客车下了省道,向右拐进了蜿蜒崎岖的山间村道。

坐在车上的陈正平知道十多公里后就到银石沟,银石沟不通车,客车只到进沟路口,到路口下车再步行三公里左右就回到离开二十年的家。

一直忐忑不安的陈正平没有回家的喜悦和激动,反而离家越近,心中某种不安越强烈,随着汽车在凹凸不平的山道上颠簸,陈正平喜忧参半的心情也跟着不断地起起伏伏……

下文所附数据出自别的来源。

(** The inverse of h2 on fibres given by the pullback condition. *)
Definition hinv (A B : PolyEnd) (c : Hom A B) (b : P1 A)
    (e' : fibre B (h1 c b)) : fibre A b :=
  let X := constructive_indefinite_description _
             (h_pb c b (proj1_sig e') (proj2_sig e')) in
  exist _ (proj1_sig X) (proj1 (proj1 (proj2_sig X))).

Fixpoint fmapT (A B : PolyEnd) (c : Hom A B) (tau : ptree A) : ptree B :=
  match tau with
  | PLeaf x => PLeaf (h0 c x)
  | PNode b ch => PNode (h1 c b) (fun e' => fmapT c (ch (hinv c b e')))
  end.

Definition Fm1 (A B : PolyEnd) (c : Hom A B) (x : FP1 A) : ptree B :=
  fmapT c (proj1_sig x).
Definition Fm2 (A B : PolyEnd) (c : Hom A B) (x : FP2 A) : ptree B * list (P2 B) :=
  (fmapT c (proj1_sig (fst (proj1_sig x))), map (h2 c) (snd (proj1_sig x))).
Definition raw1 (A : PolyEnd) (x : FP1 A) : ptree A := proj1_sig x.
Definition raw2 (A : PolyEnd) (x : FP2 A) : ptree A * list (P2 A) :=
  (proj1_sig (fst (proj1_sig x)), snd (proj1_sig x)).

(** F(c) o a = F(b) o g  for a : A -> F C, c : C -> D, g : A -> F B, b : B -> D *)
Definition Fcomp_eq (A B C D : PolyEnd) (c : Hom C D) (a : Hom A (F C))
    (b : Hom B D) (g : Hom A (F B)) : Prop :=
  (forall x, h0 c (h0 a x) = h0 b (h0 g x)) /\
  (forall x, Fm1 c (h1 a x) = Fm1 b (h1 g x)) /\
  (forall x, Fm2 c (h2 a x) = Fm2 b (h2 g x)).

(** F(u) o g = a  for g : A -> F B, u : B -> C, a : A -> F C *)
Definition Fcomp_eq1 (A B C : PolyEnd) (u : Hom B C) (g : Hom A (F B))
    (a : Hom A (F C)) : Prop :=
  (forall x, h0 u (h0 g x) = h0 a x) /\
  (forall x, Fm1 u (h1 g x) = raw1 (h1 a x)) /\
  (forall x, Fm2 u (h2 g x) = raw2 (h2 a x)).

Definition comp_eq (B C D : PolyEnd) (c : Hom C D) (u : Hom B C) (b : Hom B D) : Prop :=
  (forall x, h0 c (h0 u x) = h0 b x) /\
  (forall x, h1 c (h1 u x) = h1 b x) /\
  (forall x, h2 c (h2 u x) = h2 b x).

Definition hom_eq (B C : PolyEnd) (u v : Hom B C) : Prop :=
  (forall x, h0 u x = h0 v x) /\ (forall x, h1 u x = h1 v x) /\
  (forall x, h2 u x = h2 v x).

(** Genericity of g : A -> F B (w.r.t. F), quantifying over objects C, D
    of PolyEnd (finitary polynomial endofunctors). *)
Definition generic (A B : PolyEnd) (g : Hom A (F B)) : Prop :=
  forall (C D : PolyEnd), finitary C -> finitary D ->
  forall (a : Hom A (F C)) (c : Hom C D) (b : Hom B D),
    Fcomp_eq c a b g ->
    exists u : Hom B C, comp_eq c u b /\ Fcomp_eq1 u g a /\
      forall u' : Hom B C, comp_eq c u' b -> Fcomp_eq1 u' g a -> hom_eq u' u.

Definition finite_type (X : Type) : Prop := exists l : list X, forall x, In x l.

Definition is_root (P : PolyEnd) (r : P0 P) : Prop := ~ exists e, ps P e = r.

Definition sigma_step (P : PolyEnd) (x y : P0 P) : Prop :=
  exists e, ps P e = x /\ y = pt P (pp P e).

Definition is_tree (P : PolyEnd) : Prop :=
  finite_type (P0 P) /\ finite_type (P1 P) /\ finite_type (P2 P) /\
  (forall b b', pt P b = pt P b' -> b = b') /\
  (forall e e', ps P e = ps P e' -> e = e') /\
  (exists r, is_root P r /\ forall x, is_root P x -> x = r) /\
  (forall x r, is_root P r -> clos_refl_trans _ (@sigma_step P) x r).

(** Monad multiplication / Kleisli extension: grafting. *)
Fixpoint subst (P : PolyEnd) (tau : ptree P) (f : list (P2 P) -> ptree P) : ptree P :=
  match tau with
  | PLeaf _ => f []
  | PNode b ch => PNode b (fun e => subst (ch e) (fun l => f (proj1_sig e :: l)))
  end.

(** The monad morphism  g^# : F S -> F T  adjunct to g : S -> F T, on trees. *)
Fixpoint ext (S T : PolyEnd) (g : Hom S (F T)) (tau : ptree S) : ptree T :=
  match tau with
  | PLeaf x => @PLeaf T (h0 g x)
  | PNode b ch =>
      subst (proj1_sig (h1 g b))
        (fun l =>
           match excluded_middle_informative
                   (exists e : fibre S b, snd (proj1_sig (h2 g (proj1_sig e))) = l) with
           | left H => ext g (ch (proj1_sig (constructive_indefinite_description _ H)))
           | right _ => @PLeaf T (h0 g (pt S b))
           end)
  end.

Fixpoint node_in (P : PolyEnd) (b : P1 P) (tau : ptree P) : Prop :=
  match tau with
  | PLeaf _ => False
  | PNode b' ch => b' = b \/ exists e, node_in b (ch e)
  end.

Definition is_max_subtree (P : PolyEnd) (tau : ptree P) : Prop :=
  wc tau /\ is_root P (rc tau) /\ forall b : P1 P, node_in b tau.

Definition boundary_preserving (S T : PolyEnd) (g : Hom S (F T)) : Prop :=
  forall tau : ptree S, is_max_subtree tau -> is_max_subtree (ext g tau).

From Stdlib Require Import List Relations ClassicalEpsilon ProofIrrelevance FunctionalExtensionality Lia.
Import ListNotations.
Set Implicit Arguments. Unset Strict Implicit.

(** Every position in a raw tree is named by its address, the list of input edges
    leading to it from the root, and a tree is determined by the labels found at its
    addresses; all constructions below are carried out on addresses.

    Let [S] be a tree.  Unfolding [S] from its root gives its maximal subtree [mu], in
    which every colour of [S] has exactly one address.  For [g : S -> F T] let [image]
    be the image [g^#(mu)] of the maximal subtree.  The addresses of [image] form a
    polynomial endofunctor [addr_poly image] with an etale projection
    [addr_proj : addr_poly image -> T], and [g] factors as [F(addr_proj) o canon] where
    [canon : S -> F (addr_poly image)] lifts each [g b] into [image].  The key fact is
    that [canon] is always generic: a commuting square [F c o a = F b o canon] is
    filled by transporting addresses of [image] to addresses of the tree [a^#(mu)].

    - If [g] is boundary preserving, [image] is the maximal subtree of the tree [T], so
      [addr_proj] is an isomorphism and [g], being isomorphic to [canon], is generic.
    - If [g] is generic, genericity applied to the square [F(addr_proj) o canon = g]
      yields a section [u : R -> addr_poly image] of [addr_proj] with [F u o g = canon];
      then [u] is bijective, so [R] is a tree, and [image] contains every node of [R],
      i.e. [g] is boundary preserving. *)

(** [hinv] is defined by choice; keep it folded so that it is only handled through
    [hinv_spec] and [hinv_h2]. *)
Arguments hinv : simpl never.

二十年前十七岁的陈正平怀揣五百元钱,带着三套换洗衣服和胡明芬做的五个玉米饼子,在鸡叫头遍的时候,悄悄走出了沉睡中的银石沟,走到沟口犹豫片刻便头也不回朝进城方向走去……

“银石沟的,到了。”客车停下,司机扭头对着沉思中的陈正平大声喊道。

陈正平一惊,忙抓上二个鼓鼓囊囊的马桶包下了车。

陈正平不知道,在车后排坐着一位身材健壮与他年龄相仿的平头男人一直注视着他,这时也跟着他下了车。

听到跟在身后的脚步声,陈正平转过头来与平头男四目相对。

“你是、是小豹子吧。”满脸惊愕的陈正平声音像是被什么东西压着一样,从喉咙里怯怯地发出来。

“是正平兄弟回来啦。”被陈正平称为小豹子的平头男,除表现的不自在外显得很平静,显然他早就认出了陈正平。

“走,到家坐坐喝杯茶。”小豹子指了指沟口不远处一栋新修有点气派的楼房,不由分说一把抓过陈正平的一个马桶包背在身上。

陈正平站着没动,本能地警觉起来,脑里飞快闪现出当年小豹子带人把自己围困在一块冬水田里的情景,田边三三两两站着人,人们不停地向冻得瑟瑟发抖的自己扔土块,不停地咒骂:

“狗日的龟孙,你家祖传骗人的种,你爹不得好死,全家都不得好死。”

“父债子还,龟孙子还钱,你老子赖帐死了,你狗日的龟孙赖不脱。”

“千刀万剐的骗子啊,欠我儿子三年工钱,害我儿子没钱娶媳妇。欠债还钱,杀人偿命,天经地义。”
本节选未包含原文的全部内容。